··· Provided information
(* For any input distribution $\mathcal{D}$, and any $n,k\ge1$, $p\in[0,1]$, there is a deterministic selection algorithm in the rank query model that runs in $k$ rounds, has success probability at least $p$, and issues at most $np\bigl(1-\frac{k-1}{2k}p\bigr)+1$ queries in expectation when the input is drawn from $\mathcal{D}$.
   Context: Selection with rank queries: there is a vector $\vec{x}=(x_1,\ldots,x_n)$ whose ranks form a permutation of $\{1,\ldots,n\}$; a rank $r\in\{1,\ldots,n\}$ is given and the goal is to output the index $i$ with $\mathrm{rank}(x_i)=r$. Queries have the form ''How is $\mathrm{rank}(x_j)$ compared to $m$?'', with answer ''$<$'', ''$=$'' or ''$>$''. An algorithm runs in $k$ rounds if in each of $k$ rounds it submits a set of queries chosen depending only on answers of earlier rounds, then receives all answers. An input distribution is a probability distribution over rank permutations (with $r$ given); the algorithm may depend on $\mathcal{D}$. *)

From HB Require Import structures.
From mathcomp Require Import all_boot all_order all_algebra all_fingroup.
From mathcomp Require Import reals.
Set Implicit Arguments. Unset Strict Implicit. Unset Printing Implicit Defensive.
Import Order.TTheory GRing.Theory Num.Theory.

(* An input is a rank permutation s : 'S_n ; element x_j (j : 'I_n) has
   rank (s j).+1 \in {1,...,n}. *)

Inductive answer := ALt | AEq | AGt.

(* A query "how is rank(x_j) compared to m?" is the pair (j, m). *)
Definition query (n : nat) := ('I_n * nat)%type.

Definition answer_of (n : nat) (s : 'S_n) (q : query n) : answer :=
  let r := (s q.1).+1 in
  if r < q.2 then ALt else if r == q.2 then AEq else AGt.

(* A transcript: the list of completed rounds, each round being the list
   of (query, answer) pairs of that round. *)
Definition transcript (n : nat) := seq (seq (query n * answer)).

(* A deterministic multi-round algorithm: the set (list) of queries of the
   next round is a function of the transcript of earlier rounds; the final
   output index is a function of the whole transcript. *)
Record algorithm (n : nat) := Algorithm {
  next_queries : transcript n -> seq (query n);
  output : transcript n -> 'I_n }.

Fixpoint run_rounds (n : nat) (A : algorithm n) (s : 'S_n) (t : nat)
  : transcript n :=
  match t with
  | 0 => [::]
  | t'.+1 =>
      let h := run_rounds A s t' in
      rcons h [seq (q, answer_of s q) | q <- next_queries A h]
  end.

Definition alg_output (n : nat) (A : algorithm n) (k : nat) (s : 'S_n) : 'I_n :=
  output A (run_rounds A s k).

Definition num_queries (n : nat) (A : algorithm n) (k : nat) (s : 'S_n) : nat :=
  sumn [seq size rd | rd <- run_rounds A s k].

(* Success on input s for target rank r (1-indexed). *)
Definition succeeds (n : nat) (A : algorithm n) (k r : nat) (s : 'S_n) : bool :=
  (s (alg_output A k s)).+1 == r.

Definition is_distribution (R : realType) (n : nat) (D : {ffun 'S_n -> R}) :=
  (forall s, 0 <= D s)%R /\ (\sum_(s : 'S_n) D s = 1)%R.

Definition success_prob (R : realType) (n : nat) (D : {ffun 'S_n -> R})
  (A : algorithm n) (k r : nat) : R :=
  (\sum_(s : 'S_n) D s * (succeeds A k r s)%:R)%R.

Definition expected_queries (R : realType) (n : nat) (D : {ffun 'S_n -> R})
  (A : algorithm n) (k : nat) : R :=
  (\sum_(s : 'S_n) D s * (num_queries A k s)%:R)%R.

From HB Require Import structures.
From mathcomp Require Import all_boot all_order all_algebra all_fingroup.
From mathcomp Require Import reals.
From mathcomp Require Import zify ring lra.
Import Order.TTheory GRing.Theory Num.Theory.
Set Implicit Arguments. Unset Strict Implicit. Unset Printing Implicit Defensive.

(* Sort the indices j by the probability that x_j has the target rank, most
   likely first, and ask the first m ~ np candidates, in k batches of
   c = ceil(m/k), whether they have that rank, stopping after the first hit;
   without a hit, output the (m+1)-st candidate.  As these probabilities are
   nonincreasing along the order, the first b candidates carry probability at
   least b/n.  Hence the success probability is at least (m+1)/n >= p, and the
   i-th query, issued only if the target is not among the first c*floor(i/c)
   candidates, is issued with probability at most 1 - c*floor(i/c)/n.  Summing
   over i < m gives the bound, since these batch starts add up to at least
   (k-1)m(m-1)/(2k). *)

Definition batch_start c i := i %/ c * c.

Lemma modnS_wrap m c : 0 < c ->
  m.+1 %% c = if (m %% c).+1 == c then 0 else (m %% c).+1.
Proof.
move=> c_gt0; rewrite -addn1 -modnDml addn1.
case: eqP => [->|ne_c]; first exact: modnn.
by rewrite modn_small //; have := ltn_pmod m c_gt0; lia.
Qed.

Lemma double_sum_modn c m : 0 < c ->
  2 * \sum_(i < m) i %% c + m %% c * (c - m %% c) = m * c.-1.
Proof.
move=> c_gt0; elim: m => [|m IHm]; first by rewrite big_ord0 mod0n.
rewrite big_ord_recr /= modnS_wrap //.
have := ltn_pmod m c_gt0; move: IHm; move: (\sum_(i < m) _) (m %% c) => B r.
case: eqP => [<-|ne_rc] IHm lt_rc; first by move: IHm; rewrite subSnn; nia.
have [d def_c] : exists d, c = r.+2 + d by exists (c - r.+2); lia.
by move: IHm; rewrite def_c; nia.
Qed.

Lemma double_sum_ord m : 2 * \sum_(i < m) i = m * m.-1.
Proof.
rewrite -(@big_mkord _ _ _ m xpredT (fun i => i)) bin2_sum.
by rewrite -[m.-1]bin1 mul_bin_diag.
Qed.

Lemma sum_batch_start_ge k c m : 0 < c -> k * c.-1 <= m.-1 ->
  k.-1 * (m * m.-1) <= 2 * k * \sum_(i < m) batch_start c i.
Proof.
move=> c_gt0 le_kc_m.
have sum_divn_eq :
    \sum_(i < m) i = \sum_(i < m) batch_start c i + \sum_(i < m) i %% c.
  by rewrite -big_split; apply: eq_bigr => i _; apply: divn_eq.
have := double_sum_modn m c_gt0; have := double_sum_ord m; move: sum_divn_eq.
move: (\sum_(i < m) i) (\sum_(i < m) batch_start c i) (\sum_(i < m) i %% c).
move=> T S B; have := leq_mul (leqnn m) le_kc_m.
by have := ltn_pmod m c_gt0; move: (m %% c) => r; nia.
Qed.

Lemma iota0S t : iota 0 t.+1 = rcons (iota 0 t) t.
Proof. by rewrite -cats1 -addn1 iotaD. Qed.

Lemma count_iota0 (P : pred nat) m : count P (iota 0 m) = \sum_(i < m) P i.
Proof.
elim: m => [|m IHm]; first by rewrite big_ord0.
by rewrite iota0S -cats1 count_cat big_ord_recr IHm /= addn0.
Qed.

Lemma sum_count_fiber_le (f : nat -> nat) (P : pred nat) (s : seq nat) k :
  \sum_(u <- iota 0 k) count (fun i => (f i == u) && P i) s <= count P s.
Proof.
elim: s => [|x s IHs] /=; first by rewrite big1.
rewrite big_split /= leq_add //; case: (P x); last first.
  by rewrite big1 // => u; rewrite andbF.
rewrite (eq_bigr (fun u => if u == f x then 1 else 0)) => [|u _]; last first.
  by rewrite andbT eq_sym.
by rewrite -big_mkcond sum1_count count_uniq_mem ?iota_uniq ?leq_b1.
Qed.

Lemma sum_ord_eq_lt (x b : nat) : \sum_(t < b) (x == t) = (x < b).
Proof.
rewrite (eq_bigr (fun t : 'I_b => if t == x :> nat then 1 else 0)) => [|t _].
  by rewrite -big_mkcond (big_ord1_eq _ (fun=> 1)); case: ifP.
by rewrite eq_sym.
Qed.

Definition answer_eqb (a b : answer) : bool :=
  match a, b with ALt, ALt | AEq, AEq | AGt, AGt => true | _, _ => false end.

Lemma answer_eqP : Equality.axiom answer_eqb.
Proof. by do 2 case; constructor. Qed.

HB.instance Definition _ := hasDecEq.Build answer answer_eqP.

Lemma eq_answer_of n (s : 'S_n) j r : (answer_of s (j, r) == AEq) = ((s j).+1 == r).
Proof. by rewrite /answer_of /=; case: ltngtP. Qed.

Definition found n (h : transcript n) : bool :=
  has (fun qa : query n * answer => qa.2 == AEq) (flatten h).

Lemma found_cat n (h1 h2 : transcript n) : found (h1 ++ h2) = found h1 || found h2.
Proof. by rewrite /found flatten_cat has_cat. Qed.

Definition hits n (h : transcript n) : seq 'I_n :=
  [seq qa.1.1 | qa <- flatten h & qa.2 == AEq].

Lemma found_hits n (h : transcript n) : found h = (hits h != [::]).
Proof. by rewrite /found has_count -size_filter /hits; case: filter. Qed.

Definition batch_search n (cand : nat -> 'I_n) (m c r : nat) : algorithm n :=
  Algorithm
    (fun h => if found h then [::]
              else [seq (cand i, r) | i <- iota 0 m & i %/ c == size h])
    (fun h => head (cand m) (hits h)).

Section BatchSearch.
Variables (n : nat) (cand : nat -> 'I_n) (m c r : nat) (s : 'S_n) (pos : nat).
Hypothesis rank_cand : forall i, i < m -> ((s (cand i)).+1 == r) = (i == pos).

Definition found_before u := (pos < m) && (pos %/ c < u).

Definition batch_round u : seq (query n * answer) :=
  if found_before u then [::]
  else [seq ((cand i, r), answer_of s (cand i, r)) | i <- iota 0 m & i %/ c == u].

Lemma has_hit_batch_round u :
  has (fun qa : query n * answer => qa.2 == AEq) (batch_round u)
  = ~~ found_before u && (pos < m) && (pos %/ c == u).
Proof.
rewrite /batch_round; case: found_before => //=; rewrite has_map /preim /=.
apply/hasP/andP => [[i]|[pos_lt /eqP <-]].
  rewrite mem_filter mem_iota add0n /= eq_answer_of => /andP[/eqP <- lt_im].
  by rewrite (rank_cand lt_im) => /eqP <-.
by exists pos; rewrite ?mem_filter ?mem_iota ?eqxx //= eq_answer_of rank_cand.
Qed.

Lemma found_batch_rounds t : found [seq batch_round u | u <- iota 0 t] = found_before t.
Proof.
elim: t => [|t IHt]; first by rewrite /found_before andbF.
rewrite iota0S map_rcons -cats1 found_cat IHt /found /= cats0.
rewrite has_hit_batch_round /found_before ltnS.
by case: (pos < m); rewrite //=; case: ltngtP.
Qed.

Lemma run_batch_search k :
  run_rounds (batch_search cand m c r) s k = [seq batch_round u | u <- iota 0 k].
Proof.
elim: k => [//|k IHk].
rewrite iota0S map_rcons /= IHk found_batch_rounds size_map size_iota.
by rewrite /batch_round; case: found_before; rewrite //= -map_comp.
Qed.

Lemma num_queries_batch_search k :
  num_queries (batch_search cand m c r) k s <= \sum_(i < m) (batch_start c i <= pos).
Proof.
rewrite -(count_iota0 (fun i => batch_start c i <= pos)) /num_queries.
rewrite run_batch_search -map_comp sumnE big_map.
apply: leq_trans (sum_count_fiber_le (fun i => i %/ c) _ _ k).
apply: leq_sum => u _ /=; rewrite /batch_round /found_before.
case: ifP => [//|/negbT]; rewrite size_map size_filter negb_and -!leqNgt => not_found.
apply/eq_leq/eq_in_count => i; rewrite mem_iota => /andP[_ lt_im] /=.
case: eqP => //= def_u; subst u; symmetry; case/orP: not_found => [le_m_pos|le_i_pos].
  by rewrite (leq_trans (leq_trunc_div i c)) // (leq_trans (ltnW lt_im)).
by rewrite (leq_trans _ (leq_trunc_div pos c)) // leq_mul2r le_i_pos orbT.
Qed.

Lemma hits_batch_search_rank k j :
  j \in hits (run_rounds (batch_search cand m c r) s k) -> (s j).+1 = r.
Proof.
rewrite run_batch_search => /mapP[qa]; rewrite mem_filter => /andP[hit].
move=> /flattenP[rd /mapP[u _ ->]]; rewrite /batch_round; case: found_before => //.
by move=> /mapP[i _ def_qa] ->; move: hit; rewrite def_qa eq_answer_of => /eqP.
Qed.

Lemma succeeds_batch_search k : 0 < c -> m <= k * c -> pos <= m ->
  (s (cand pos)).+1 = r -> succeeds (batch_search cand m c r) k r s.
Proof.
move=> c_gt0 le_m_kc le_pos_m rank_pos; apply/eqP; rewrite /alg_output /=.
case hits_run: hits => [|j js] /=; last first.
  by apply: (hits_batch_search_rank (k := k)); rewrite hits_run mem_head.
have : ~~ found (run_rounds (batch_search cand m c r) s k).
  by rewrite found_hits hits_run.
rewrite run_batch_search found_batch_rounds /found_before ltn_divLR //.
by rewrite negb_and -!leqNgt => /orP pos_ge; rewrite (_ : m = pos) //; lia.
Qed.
······
··· Provided information
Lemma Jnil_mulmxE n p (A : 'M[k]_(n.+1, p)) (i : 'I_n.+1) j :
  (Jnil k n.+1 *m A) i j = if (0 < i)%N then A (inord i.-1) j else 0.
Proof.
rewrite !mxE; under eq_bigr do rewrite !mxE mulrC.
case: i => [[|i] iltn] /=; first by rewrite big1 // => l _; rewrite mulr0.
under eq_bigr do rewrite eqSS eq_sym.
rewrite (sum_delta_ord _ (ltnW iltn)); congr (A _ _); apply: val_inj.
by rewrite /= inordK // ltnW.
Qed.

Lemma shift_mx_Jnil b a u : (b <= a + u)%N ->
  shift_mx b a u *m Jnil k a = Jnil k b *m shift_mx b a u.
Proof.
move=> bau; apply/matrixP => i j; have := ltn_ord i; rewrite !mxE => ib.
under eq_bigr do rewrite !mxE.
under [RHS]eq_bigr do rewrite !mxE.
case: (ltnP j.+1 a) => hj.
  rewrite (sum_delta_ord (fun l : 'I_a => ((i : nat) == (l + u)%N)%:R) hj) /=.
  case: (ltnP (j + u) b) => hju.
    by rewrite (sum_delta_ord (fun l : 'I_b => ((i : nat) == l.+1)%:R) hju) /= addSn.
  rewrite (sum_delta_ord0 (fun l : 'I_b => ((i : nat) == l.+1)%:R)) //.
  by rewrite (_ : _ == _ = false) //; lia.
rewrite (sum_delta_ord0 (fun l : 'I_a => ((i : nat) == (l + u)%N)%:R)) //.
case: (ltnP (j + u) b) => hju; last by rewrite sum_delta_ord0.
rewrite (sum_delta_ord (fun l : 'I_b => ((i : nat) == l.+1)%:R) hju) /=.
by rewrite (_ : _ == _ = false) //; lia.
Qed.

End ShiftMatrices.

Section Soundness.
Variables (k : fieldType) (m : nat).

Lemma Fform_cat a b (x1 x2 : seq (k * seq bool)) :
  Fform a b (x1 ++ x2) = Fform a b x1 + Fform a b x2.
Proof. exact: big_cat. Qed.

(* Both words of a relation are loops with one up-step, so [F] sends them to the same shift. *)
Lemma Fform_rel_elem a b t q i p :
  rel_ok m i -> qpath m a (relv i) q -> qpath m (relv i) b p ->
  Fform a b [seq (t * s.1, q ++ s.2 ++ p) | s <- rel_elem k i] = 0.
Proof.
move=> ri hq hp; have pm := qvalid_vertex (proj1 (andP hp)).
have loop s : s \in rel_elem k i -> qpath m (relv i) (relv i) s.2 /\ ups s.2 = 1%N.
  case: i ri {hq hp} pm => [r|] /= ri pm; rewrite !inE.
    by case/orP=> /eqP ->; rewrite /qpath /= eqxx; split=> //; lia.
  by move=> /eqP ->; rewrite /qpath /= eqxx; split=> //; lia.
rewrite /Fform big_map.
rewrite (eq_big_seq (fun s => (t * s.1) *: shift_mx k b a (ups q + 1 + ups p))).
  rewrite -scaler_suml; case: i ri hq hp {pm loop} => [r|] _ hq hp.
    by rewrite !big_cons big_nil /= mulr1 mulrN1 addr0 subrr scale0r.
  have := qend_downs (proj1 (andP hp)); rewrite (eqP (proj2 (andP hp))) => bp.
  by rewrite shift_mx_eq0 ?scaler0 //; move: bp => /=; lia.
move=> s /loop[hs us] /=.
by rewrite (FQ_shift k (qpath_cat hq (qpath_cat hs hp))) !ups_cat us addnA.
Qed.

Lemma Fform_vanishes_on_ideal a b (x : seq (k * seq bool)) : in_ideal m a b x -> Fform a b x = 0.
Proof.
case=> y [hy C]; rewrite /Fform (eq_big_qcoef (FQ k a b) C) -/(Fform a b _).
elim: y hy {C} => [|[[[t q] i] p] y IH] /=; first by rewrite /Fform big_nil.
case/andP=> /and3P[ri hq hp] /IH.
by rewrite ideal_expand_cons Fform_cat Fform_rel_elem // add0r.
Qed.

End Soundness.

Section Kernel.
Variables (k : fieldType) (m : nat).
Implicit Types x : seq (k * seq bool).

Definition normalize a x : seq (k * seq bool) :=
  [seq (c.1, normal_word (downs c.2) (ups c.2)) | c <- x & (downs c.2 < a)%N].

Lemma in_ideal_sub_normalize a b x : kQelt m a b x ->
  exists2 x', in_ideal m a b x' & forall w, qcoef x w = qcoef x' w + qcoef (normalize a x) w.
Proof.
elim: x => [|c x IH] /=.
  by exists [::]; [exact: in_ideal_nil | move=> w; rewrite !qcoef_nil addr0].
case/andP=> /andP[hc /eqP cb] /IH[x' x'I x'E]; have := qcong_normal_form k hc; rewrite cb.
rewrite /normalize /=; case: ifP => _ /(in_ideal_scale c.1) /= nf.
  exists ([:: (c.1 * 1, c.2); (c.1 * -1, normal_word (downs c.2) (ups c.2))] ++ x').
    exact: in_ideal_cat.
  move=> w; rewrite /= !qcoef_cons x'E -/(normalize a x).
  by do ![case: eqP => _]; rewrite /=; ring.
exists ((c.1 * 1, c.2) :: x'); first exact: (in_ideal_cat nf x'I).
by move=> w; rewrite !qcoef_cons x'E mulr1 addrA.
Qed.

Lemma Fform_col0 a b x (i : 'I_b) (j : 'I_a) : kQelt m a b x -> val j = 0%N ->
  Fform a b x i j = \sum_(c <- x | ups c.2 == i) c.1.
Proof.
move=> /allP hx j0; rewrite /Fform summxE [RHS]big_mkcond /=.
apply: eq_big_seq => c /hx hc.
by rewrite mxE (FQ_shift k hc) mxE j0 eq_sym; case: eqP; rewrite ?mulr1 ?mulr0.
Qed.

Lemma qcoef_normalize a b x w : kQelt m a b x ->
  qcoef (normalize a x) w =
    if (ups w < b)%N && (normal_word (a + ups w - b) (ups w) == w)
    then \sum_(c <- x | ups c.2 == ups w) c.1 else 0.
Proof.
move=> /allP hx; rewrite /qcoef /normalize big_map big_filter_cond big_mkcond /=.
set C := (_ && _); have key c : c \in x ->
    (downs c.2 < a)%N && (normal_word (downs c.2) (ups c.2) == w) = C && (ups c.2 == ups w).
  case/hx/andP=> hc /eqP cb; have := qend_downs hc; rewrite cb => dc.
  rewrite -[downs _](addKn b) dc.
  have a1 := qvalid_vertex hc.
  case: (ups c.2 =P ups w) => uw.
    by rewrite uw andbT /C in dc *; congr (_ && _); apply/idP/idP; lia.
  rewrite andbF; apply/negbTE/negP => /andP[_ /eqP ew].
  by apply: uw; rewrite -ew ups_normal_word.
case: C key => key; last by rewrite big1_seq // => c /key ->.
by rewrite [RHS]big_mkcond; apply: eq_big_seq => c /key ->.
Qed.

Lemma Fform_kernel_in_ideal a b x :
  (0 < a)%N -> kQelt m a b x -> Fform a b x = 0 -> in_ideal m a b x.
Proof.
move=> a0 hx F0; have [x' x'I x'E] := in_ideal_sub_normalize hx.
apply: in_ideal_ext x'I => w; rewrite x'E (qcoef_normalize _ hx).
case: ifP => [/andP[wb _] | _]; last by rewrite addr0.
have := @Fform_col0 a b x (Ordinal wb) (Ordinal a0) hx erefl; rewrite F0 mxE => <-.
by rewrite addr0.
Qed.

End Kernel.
······
··· Provided information
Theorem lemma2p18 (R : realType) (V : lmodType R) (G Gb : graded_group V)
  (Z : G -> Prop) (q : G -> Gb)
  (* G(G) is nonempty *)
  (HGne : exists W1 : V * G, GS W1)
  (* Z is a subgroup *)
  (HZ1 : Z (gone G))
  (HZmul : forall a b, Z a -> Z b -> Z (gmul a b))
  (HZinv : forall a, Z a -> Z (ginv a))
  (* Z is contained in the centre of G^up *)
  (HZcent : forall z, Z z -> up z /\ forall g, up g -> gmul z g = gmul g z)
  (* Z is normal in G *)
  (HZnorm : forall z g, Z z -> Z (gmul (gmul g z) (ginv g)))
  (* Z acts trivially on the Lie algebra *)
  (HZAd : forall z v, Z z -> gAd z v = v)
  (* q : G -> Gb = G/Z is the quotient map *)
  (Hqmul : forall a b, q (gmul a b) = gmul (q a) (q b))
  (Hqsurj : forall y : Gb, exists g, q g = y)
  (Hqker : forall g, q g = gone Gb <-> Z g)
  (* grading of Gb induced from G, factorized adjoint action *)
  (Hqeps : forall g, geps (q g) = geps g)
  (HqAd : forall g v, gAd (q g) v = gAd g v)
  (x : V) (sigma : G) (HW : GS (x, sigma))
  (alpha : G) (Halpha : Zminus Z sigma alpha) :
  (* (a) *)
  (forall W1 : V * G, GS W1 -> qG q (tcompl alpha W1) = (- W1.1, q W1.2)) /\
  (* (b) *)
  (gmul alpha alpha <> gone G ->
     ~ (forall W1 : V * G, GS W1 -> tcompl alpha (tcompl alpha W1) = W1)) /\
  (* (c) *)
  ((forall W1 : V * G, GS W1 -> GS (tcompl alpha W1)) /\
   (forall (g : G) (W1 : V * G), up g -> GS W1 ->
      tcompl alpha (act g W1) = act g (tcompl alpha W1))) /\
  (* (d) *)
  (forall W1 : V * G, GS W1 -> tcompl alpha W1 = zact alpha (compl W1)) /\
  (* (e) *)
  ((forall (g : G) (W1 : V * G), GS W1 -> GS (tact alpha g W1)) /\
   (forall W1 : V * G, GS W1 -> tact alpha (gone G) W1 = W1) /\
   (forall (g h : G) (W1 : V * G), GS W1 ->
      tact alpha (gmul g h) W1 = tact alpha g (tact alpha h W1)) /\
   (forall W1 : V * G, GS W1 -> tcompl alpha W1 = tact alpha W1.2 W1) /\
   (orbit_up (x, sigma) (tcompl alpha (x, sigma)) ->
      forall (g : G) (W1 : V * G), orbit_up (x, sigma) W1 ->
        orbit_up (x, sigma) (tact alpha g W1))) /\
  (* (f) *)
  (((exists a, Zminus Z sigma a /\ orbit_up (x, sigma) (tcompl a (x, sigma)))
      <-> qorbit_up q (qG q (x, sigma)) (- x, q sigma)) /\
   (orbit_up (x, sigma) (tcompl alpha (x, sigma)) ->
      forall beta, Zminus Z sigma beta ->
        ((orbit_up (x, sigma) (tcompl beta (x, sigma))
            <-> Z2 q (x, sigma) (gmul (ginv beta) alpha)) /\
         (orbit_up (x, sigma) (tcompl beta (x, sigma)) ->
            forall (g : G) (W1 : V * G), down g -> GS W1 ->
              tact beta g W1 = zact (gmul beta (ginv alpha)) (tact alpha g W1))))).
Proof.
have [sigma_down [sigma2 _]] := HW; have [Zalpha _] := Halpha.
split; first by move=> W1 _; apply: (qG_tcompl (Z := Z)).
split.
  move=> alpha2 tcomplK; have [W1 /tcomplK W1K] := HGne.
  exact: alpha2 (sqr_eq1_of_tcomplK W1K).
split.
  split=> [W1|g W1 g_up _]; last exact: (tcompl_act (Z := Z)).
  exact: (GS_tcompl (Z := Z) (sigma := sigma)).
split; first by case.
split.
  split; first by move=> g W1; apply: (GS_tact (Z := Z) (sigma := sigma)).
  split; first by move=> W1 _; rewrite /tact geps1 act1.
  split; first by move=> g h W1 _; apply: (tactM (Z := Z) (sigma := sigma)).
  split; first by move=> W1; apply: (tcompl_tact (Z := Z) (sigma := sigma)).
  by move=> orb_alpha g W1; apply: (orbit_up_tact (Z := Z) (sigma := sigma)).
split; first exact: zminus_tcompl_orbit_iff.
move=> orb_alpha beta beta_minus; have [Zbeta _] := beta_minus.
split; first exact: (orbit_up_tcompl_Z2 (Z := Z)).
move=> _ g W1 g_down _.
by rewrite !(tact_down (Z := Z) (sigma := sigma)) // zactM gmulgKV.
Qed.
······
• _Problem details_
Retype, exactly and in full, the lines above from the one containing "(* grading of" through the one containing "(((exists a, Zminus".

• _Answer space_
  (* grading of Gb induced from G, factorized adjoint action *)
  (Hqeps : forall g, geps (q g) = geps g)
  (HqAd : forall g v, gAd (q g) v = gAd g v)
  (x : V) (sigma : G) (HW : GS (x, sigma))
  (alpha : G) (Halpha : Zminus Z sigma alpha) :
  (* (a) *)
  (forall W1 : V * G, GS W1 -> qG q (tcompl alpha W1) = (- W1.1, q W1.2)) /\
  (* (b) *)
  (gmul alpha alpha <> gone G ->
     ~ (forall W1 : V * G, GS W1 -> tcompl alpha (tcompl alpha W1) = W1)) /\
  (* (c) *)
  ((forall W1 : V * G, GS W1 -> GS (tcompl alpha W1)) /\
   (forall (g : G) (W1 : V * G), up g -> GS W1 ->
      tcompl alpha (act g W1) = act g (tcompl alpha W1))) /\
  (* (d) *)
  (forall W1 : V * G, GS W1 -> tcompl alpha W1 = zact alpha (compl W1)) /\
  (* (e) *)
  ((forall (g : G) (W1 : V * G), GS W1 -> GS (tact alpha g W1)) /\
   (forall W1 : V * G, GS W1 -> tact alpha (gone G) W1 = W1) /\
   (forall (g h : G) (W1 : V * G), GS W1 ->
      tact alpha (gmul g h) W1 = tact alpha g (tact alpha h W1)) /\
   (forall W1 : V * G, GS W1 -> tcompl alpha W1 = tact alpha W1.2 W1) /\
   (orbit_up (x, sigma) (tcompl alpha (x, sigma)) ->
      forall (g : G) (W1 : V * G), orbit_up (x, sigma) W1 ->
        orbit_up (x, sigma) (tact alpha g W1))) /\
  (* (f) *)
  (((exists a, Zminus Z sigma a /\ orbit_up (x, sigma) (tcompl a (x, sigma)))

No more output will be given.